Furthermore we intend to analyze the timing behavior of the operating system. This includes analysis of the transition times, prefetch times and the OSC function execution times to guarantee that the execution time of the whole system will stay inside a time bound.

Also the operating system needs a good software development model. It is important that the implementation of the event-based system is not overly complicated. One possible solution for this could be the use of an aspect-orientated language like AspectC++ [7].

Another topic to explore is how to extend the supported hardware base. One potential substitute for locking critical OSCs inside the cache could be a static ram which many new embedded processors include. It may also be possible to isolate one core of the system to interrupt handling. This would mean that the first stage interrupt handler should not be evicted from the level 1 cache if it is small enough.

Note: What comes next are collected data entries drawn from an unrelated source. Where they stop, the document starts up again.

(* Let $E$ and $E'$ be disjunctive interval multiplicity expressions (DIMEs) over a finite alphabet $\Sigma$. Then $L(E)=L(E')$ if and only if $\Delta_E=\Delta_{E'}$.
   Context: Unordered words are functions $w:\Sigma\to\mathbb{N}_0$; $a\in w$ means $w(a)\neq 0$; $\varepsilon$ is the all-zero word; unordered concatenation $\uplus$ is multiset union, extended to languages pointwise. An interval is $[n,m]$ or $[n,m]^?$ with $n\in\mathbb{N}_0$, $m\in\mathbb{N}_0\cup\{\infty\}$; $L(E^{[n,m]})=\{w_1\uplus\dots\uplus w_i\mid n\le i\le m, w_j\in L(E)\}$, $L(E^{[n,m]^?})=L(E^{[n,m]})\cup\{\varepsilon\}$; the multiplicities $*,+,?,1$ denote $[0,\infty],[1,\infty],[0,1],[1,1]$. Also $L(a)=\{a\}$, $L(E_1\mid E_2)=L(E_1)\cup L(E_2)$, $L(E_1\mathbin{|\hspace{-0.1em}|} E_2)=L(E_1)\uplus L(E_2)$. An atom is $(a_1^{I_1}\mathbin{|\hspace{-0.1em}|}\dots\mathbin{|\hspace{-0.1em}|} a_k^{I_k})$ with $a_i\in\Sigma$ and each $I_i\in\{?,1\}$. A clause is $(A_1^{I_1}\mid\dots\mid A_k^{I_k})$ with atoms $A_i$ and intervals $I_i$; it is simple if each $I_i\in\{?,1\}$. A DIME is $(D_1^{I_1}\mathbin{|\hspace{-0.1em}|}\dots\mathbin{|\hspace{-0.1em}|} D_k^{I_k})$ where for each $i$ either $D_i$ is a simple clause and $I_i\in\{+,*\}$, or $D_i$ is a clause and $I_i\in\{1,?\}$; moreover each symbol occurs at most once in the DIME. The characterizing tuple of a DIME $E$ is $\Delta_E=(C_E,N_E,P_E,K_E)$ where $C_E=\{(a,b)\in\Sigma\times\Sigma\mid \neg\exists w\in L(E).\ a\in w\wedge b\in w\}$, $N_E=\{(a,w(a))\mid a\in\Sigma, w\in L(E)\}$, $P_E=\{X\subseteq\Sigma\mid\forall w\in L(E).\ \exists a\in X.\ a\in w\}$, $K_E=\{(a,b)\in\Sigma\times\Sigma\mid\forall w\in L(E).\ w(a)\ge w(b)\}$. *)

From Stdlib Require List.
From mathcomp Require Import all_boot.
Set Implicit Arguments. Unset Strict Implicit. Unset Printing Implicit Defensive.

Section DIME.
Variable Sigma : finType.

(* Unordered words: functions Sigma -> nat (finite functions). *)
Definition word := {ffun Sigma -> nat}.
Definition lang := word -> Prop.

Definition eps : word := [ffun _ => 0].
Definition wplus (w1 w2 : word) : word := [ffun a => w1 a + w2 a].
Definition wsym (a : Sigma) : word := [ffun b => nat_of_bool (b == a)].

Definition lconc (L1 L2 : lang) : lang :=
  fun w => exists w1 w2, L1 w1 /\ L2 w2 /\ w = wplus w1 w2.
Definition leps : lang := fun w => w = eps.

Fixpoint lpow (L : lang) (i : nat) : lang :=
  match i with 0 => leps | i'.+1 => lconc L (lpow L i') end.

(* Intervals [n,m] (iopt = false) and [n,m]^? (iopt = true); ihi = None is infinity. *)
Record interval := Interval { ilo : nat; ihi : option nat; iopt : bool }.

Definition interval_wf (I : interval) : Prop :=
  match ihi I with Some m => ilo I <= m | None => True end.

Definition mult_star := Interval 0 None false.
Definition mult_plus := Interval 1 None false.
Definition mult_qm   := Interval 0 (Some 1) false.
Definition mult_one  := Interval 1 (Some 1) false.

Definition lmult (L : lang) (I : interval) : lang :=
  fun w => (exists i, ilo I <= i /\
                      (match ihi I with Some m => i <= m | None => True end) /\
                      lpow L i w)
           \/ (iopt I = true /\ w = eps).

(* An atom (a_1^{I_1} || ... || a_k^{I_k}); a clause (A_1^{I_1} | ... | A_k^{I_k});
   a DIME (D_1^{I_1} || ... || D_k^{I_k}). *)
Definition atom := seq (Sigma * interval).
Definition clause := seq (atom * interval).
Definition dime := seq (clause * interval).

Definition L_atom (A : atom) : lang :=
  foldr (fun p L => lconc (lmult (fun w => w = wsym p.1) p.2) L) leps A.
Definition L_clause (D : clause) : lang :=
  fun w => exists2 p, List.In p D & lmult (L_atom p.1) p.2 w.
Definition L_dime (E : dime) : lang :=
  foldr (fun p L => lconc (lmult (L_clause p.1) p.2) L) leps E.

Definition atom_ok (A : atom) : Prop :=
  A <> [::] /\ forall p, List.In p A -> p.2 = mult_qm \/ p.2 = mult_one.
Definition clause_ok (D : clause) : Prop :=
  D <> [::] /\ forall p, List.In p D -> atom_ok p.1 /\ interval_wf p.2.
Definition simple_clause (D : clause) : Prop :=
  clause_ok D /\ forall p, List.In p D -> p.2 = mult_qm \/ p.2 = mult_one.

Definition dime_symbols (E : dime) : seq Sigma :=
  flatten [seq flatten [seq [seq q.1 | q <- p.1] | p <- c.1] | c <- E].

Definition is_dime (E : dime) : Prop :=
  E <> [::] /\
  (forall c, List.In c E ->
     (simple_clause c.1 /\ (c.2 = mult_plus \/ c.2 = mult_star)) \/
     (clause_ok c.1 /\ (c.2 = mult_one \/ c.2 = mult_qm))) /\
  uniq (dime_symbols E).

(* Characterizing tuple Delta_E = (C_E, N_E, P_E, K_E), as predicates. *)
Definition C_E (E : dime) (a b : Sigma) : Prop :=
  ~ (exists w, L_dime E w /\ w a <> 0 /\ w b <> 0).
Definition N_E (E : dime) (a : Sigma) (n : nat) : Prop :=
  exists w, L_dime E w /\ w a = n.
Definition P_E (E : dime) (X : {set Sigma}) : Prop :=
  forall w, L_dime E w -> exists a, a \in X /\ w a <> 0.
Definition K_E (E : dime) (a b : Sigma) : Prop :=
  forall w, L_dime E w -> w b <= w a.

Definition same_delta (E E' : dime) : Prop :=
  (forall a b, C_E E a b <-> C_E E' a b) /\
  (forall a n, N_E E a n <-> N_E E' a n) /\
  (forall X, P_E E X <-> P_E E' X) /\
  (forall a b, K_E E a b <-> K_E E' a b).

Definition same_lang (E E' : dime) : Prop :=
  forall w, L_dime E w <-> L_dime E' w.

End DIME.

From mathcomp Require Import all_boot zify.
From Stdlib Require Import Classical.
Set Implicit Arguments. Unset Strict Implicit. Unset Printing Implicit Defensive.

(* A word [w] lies in L(E) iff it is consistent with Delta_E: every count [w a] is
   realised in L(E) (N), [w] contains no pair excluded by C, meets every set of P
   and respects every inequality of K.
   Consistency suffices by induction along the DIME: its clauses use disjoint
   letters, so consistency with the tuple of a concatenation restricts to each
   factor.  In a clause taken at most once, C confines a consistent word to one
   atom, K forces the mandatory letters of that atom to a common count k bounding
   all its letters, and N places k in the atom's interval.  In an iterated clause,
   K alone splits the word into powers of its atoms. *)

Lemma uniq_cat_disjoint (T : finType) (s1 s2 : seq T) :
  uniq (s1 ++ s2) -> [disjoint s1 & s2].
Proof. by rewrite cat_uniq disjoint_sym disjoint_has => /and3P[]. Qed.

Lemma mem_flatten_map (T : Type) (U : eqType) (f : T -> seq U) l a :
  a \in flatten (map f l) <-> exists2 p, List.In p l & a \in f p.
Proof.
elim: l => [|p l IHl] /=; first by split=> // -[].
rewrite mem_cat; split=> [/orP[af|/IHl[r lr ar]]|[r [<-|lr] ar]].
- by exists p; [left|].
- by exists r; [right|].
- by rewrite ar.
- by apply/orP; right; apply/IHl; exists r.
Qed.

Lemma uniq_flatten_map_inj (T : Type) (U : eqType) (f : T -> seq U) l p r a :
  uniq (flatten (map f l)) -> List.In p l -> List.In r l ->
  a \in f p -> a \in f r -> p = r.
Proof.
elim: l => [|x l IHl] //=; rewrite cat_uniq => /and3P[_ fx_l ul].
have notin_l y : List.In y l -> a \in f y -> a \in f x -> False.
  move=> ly ay ax; move/hasP: fx_l; apply; exists a => //.
  by apply/mem_flatten_map; exists y.
move=> [<-|lp] [<-|lr] ap ar //; first [exact: IHl | by case: (notin_l _ lr ar ap)
  | by case: (notin_l _ lp ap ar)].
Qed.

Lemma uniq_flatten_map_in (T : Type) (U : eqType) (f : T -> seq U) l p :
  uniq (flatten (map f l)) -> List.In p l -> uniq (f p).
Proof.
elim: l => [|x l IHl] //=; rewrite cat_uniq => /and3P[ux _ ul].
by move=> [<-|lp] //; apply: IHl.
Qed.

Section Languages.
Variable Sigma : finType.
Local Notation word := (word Sigma).
Local Notation lang := (lang Sigma).
Local Notation eps := (eps Sigma).

Lemma wplusC (w1 w2 : word) : wplus w1 w2 = wplus w2 w1.
Proof. by apply/ffunP=> s; rewrite !ffunE addnC. Qed.

Lemma wplusA (w1 w2 w3 : word) : wplus w1 (wplus w2 w3) = wplus (wplus w1 w2) w3.
Proof. by apply/ffunP=> s; rewrite !ffunE addnA. Qed.

Lemma wplusw0 (w : word) : wplus w eps = w.
Proof. by apply/ffunP=> s; rewrite !ffunE addn0. Qed.

Lemma wplus0w (w : word) : wplus eps w = w.
Proof. by apply/ffunP=> s; rewrite !ffunE. Qed.

Lemma neq_eps_letter (w : word) : w <> eps -> exists a, w a <> 0.
Proof.
move=> w_neq0; apply: NNPP => /(_ _) all0; apply: w_neq0; apply/ffunP=> a.
by rewrite ffunE; apply: NNPP => wa; apply: all0; exists a.
Qed.

Definition plus_closed (Q : word -> Prop) :=
  Q eps /\ forall w1 w2, Q w1 -> Q w2 -> Q (wplus w1 w2).

Lemma lpow_closed (Q : word -> Prop) (L : lang) i :
  plus_closed Q -> (forall w, L w -> Q w) -> forall w, lpow L i w -> Q w.
Proof.
move=> [Qeps Qplus] LQ; elim: i => [|i IHi] w /=; first by move=> ->.
by move=> [w1 [w2 [Lw1 [Lw2 ->]]]]; apply: Qplus; [apply: LQ | apply: IHi].
Qed.

Lemma lmult_closed (Q : word -> Prop) (L : lang) I :
  plus_closed Q -> (forall w, L w -> Q w) -> forall w, lmult L I w -> Q w.
Proof.
move=> Qcl LQ w [[i [_ [_ Lw]]]|[_ ->]]; [exact: lpow_closed Lw | exact: Qcl.1].
Qed.

Definition supp (S : seq Sigma) (w : word) := forall a, a \notin S -> w a = 0.

Lemma supp_plus_closed S : plus_closed (supp S).
Proof.
split=> [a _|w1 w2 S1 S2 a aS]; first by rewrite ffunE.
by rewrite ffunE S1 // S2.
Qed.

Lemma supp_cat S1 S2 w1 w2 :
  supp S1 w1 -> supp S2 w2 -> supp (S1 ++ S2) (wplus w1 w2).
Proof.
move=> S1w1 S2w2 a; rewrite mem_cat negb_or => /andP[aS1 aS2].
by rewrite ffunE S1w1 // S2w2.
Qed.

Definition restr (S : seq Sigma) (w : word) : word :=
  [ffun a => if a \in S then w a else 0].

Lemma restr_supp S w : supp S (restr S w).
Proof. by move=> a aS; rewrite ffunE (negbTE aS). Qed.

Lemma restrE S w a : a \in S -> restr S w a = w a.
Proof. by move=> aS; rewrite ffunE aS. Qed.

Lemma restr_split S1 S2 w : [disjoint S1 & S2] -> supp (S1 ++ S2) w ->
  w = wplus (restr S1 w) (restr S2 w).
Proof.
move=> S12 Sw; apply/ffunP=> a; rewrite !ffunE.
case: (boolP (a \in S1)) => [aS1|aS1]; first by rewrite (disjointFr S12 aS1) addn0.
by case: ifP => aS2 //; apply: Sw; rewrite mem_cat negb_or aS1 aS2.
Qed.

Lemma restr_wplus S1 S2 w1 w2 : [disjoint S1 & S2] ->
  supp S1 w1 -> supp S2 w2 -> restr S1 (wplus w1 w2) = w1.
Proof.
move=> S12 S1w1 S2w2; apply/ffunP=> a; rewrite !ffunE.
case: ifP => [aS1|/negbT aS1]; last by rewrite S1w1.
by rewrite S2w2 ?addn0 // (disjointFr S12 aS1).
Qed.

Lemma lconcC (L1 L2 : lang) w : lconc L1 L2 w -> lconc L2 L1 w.
Proof. by move=> [w1 [w2 [L1w1 [L2w2 ->]]]]; exists w2, w1; rewrite wplusC. Qed.

Section DisjointConcatenation.
Variables (L1 L2 : lang) (S1 S2 : seq Sigma).
Hypothesis L1S1 : forall w, L1 w -> supp S1 w.
Hypothesis L2S2 : forall w, L2 w -> supp S2 w.
Hypothesis S12 : [disjoint S1 & S2].

Lemma lconc_supp w : lconc L1 L2 w -> supp (S1 ++ S2) w.
Proof.
by move=> [w1 [w2 [L1w1 [L2w2 ->]]]]; apply: supp_cat; [apply: L1S1 | apply: L2S2].
Qed.

Lemma lconc_disjointP w :
  lconc L1 L2 w <-> [/\ supp (S1 ++ S2) w, L1 (restr S1 w) & L2 (restr S2 w)].
Proof.
split=> [Lw|[Sw L1w L2w]]; last first.
  by exists (restr S1 w), (restr S2 w); split=> //; split=> //; apply: restr_split.
have Sw := lconc_supp Lw.
case: Lw Sw => w1 [w2 [L1w1 [L2w2 ->]]] Sw; split=> //.
  by rewrite (restr_wplus S12 (L1S1 L1w1) (L2S2 L2w2)).
by rewrite wplusC (restr_wplus _ (L2S2 L2w2) (L1S1 L1w1)) // disjoint_sym.
Qed.

End DisjointConcatenation.

Lemma lpow1 (L : lang) w : lpow L 1 w <-> L w.
Proof.
split=> [[w1 [w2 [Lw1 [-> ->]]]]|Lw]; first by rewrite wplusw0.
by exists w, eps; rewrite wplusw0.
Qed.

Lemma lmult_one (L : lang) w : lmult L mult_one w <-> L w.
Proof.
split=> [[[i [/= i_ge1 [i_le1 Lw]]]|[//]]|Lw].
  by case: i i_ge1 i_le1 Lw => [|[|i]] // _ _ /lpow1.
by left; exists 1; split=> //; split=> //; apply/lpow1.
Qed.

Lemma lmult_qm (L : lang) w : lmult L mult_qm w <-> w = eps \/ L w.
Proof.
split=> [[[i [_ [/= i_le1 Lw]]]|[//]]|[->|Lw]].
- by case: i i_le1 Lw => [|[|i]] // _ => [|/lpow1]; [left | right].
- by left; exists 0.
- by left; exists 1; split=> //; split=> //; apply/lpow1.
Qed.

Definition qm_or_one (I : interval) := I = mult_qm \/ I = mult_one.

Lemma mem_lmult_qm_or_one (L : lang) I w : qm_or_one I -> L w -> lmult L I w.
Proof. by case=> -> Lw; [apply/lmult_qm; right | apply/lmult_one]. Qed.

Lemma lmult_qm_or_one_eps (L : lang) I w : qm_or_one I -> lmult L I w -> w = eps \/ L w.
Proof. by case=> -> => [/lmult_qm | /lmult_one]; [|right]. Qed.

Lemma lpow_mono (L L' : lang) i : (forall w, L w -> L' w) ->
  forall w, lpow L i w -> lpow L' i w.
Proof.
move=> LL'; elim: i => [|i IHi] w //= [w1 [w2 [Lw1 [Lw2 ->]]]].
by exists w1, w2; split; [apply: LL' | split; [apply: IHi |]].
Qed.

Lemma lpow_add (L : lang) i j w1 w2 :
  lpow L i w1 -> lpow L j w2 -> lpow L (i + j) (wplus w1 w2).
Proof.
elim: i w1 => [|i IHi] w1 /=; first by rewrite /leps => ->; rewrite wplus0w.
move=> [u [v [Lu [Lv ->]]]] Lw2; exists u, (wplus v w2).
by rewrite wplusA; split=> //; split=> //; apply: IHi.
Qed.

Definition C_lang (L : lang) a b := ~ (exists w, L w /\ w a <> 0 /\ w b <> 0).
Definition N_lang (L : lang) a n := exists w, L w /\ w a = n.
Definition P_lang (L : lang) (X : {set Sigma}) :=
  forall w, L w -> exists a, a \in X /\ w a <> 0.
Definition K_lang (L : lang) a b := forall w, L w -> w b <= w a.

Definition delta_sat (L : lang) (w : word) :=
  [/\ forall a, N_lang L a (w a),
      forall a b, C_lang L a b -> ~ (w a <> 0 /\ w b <> 0),
      forall X, P_lang L X -> exists a, a \in X /\ w a <> 0
    & forall a b, K_lang L a b -> w b <= w a].

Lemma delta_sat_mem (L : lang) w : L w -> delta_sat L w.
Proof.
move=> Lw; split=> [a|a b CLab [wa wb]|X|a b]; first by exists w.
- by apply: CLab; exists w.
- exact.
- exact.
Qed.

For systems lacking the support for cache locking the use of traditional software-based cache partitioning algorithms is necessary [8].

Finally the operating system needs evaluation under several circumstances. We expect that the manual management of the cache content will introduce some overhead on the computational performance of the system. Therefore an comparison with existing operating systems like RT-Linux [9] or RTEMS [10] is needed. The overall system response time also needs evaluation with various workloads.

#### V. CONCLUSION

This paper presents a possible solution for the unstable execution times of modern multi-core systems on the level of the operating system. This is done by manually controlling which data and program code resides in the cache. By this the operating system shifts the unpredictability of random DRAMaccesses to predictable bulk memory transfers. To realize this the operating system operates on a event-based nature and is structured as a set of OSCs, which can be loaded into the cache on-demand or permanently based on a cache scheduling strategy. At the moment the operating system only exists as a proof of concept but we intend to explore this concept further.

### REFERENCES

- D. Dasari, B. Akesson, V. Nelis, M. Awan, and S. Petters, "Identifying the sources of unpredictability in COTS-based multicore systems," in 2013 8th IEEE International Symposium on Industrial ES (SIES), June 2013, pp. 39–48.
- [2] R. Mancuso, R. Dudko, E. Betti, M. Cesati, M. Caccamo, and R. Pellizzoni, "Real-time cache management framework for multi-core architectures," in *Real-Time and Embedded Technology and Applications Symposium (RTAS), 2013 IEEE 19th*, April 2013, pp. 45–54.
- [3] J. Liedtke, H. Haertig, and M. Hohmuth, "OS-controlled cache predictability for real-time systems," in *Proceedings of the 3rd IEEE Real-Time Technology and Applications Symposium (RTAS '97)*, ser. RTAS '97. Washington, DC, USA: IEEE Computer Society, 1997, pp. 213–.
- [4] T. Chilimbi, M. Hill, and J. Larus, "Making pointer-based data structures cache conscious," *Computer*, vol. 33, no. 12, pp. 67–74, Dec 2000.
- [5] "OMAP4460 ES1.x Technical Reference Manual," http://www.ti.com/ lit/pdf/swpu235, accessed: 2015-02-20.
- [6] "PL310 Cache Controller Technical Reference Manual," http://infocenter.arm.com/help/topic/com.arm.doc.ddi0246a/DDI0246A\_ l2cc\_pl310\_r0p0\_trm.pdf, accessed: 2015-04-18.
- [7] O. Spinczyk, A. Gal, and W. Schröder-Preikschat, "AspectC++: An aspect-oriented extension to C++," in *Proceedings of the 40th International Conference on Technology of OO Languages and Systems (TOOLS Pacific '02)*, Sydney, Australia, Feb. 2002, pp. 53–60.
- [8] F. Mueller, "Compiler support for software-based cache partitioning," SIGPLAN Not., vol. 30, no. 11, pp. 125–133, Nov. 1995. [Online]. Available: http://doi.acm.org/10.1145/216633.216677
- [9] "Real-Time Linux Wiki," https://rt.wiki.kernel.org/index.php/Main\_ Page, accessed: 2015-04-29.
- [10] A. Colin and I. Puaut, "Worst-case execution time analysis of the RTEMS real-time operating system," in *Real-Time Systems*, 13th Euromicro Conference on, 2001., 2001, pp. 191–198.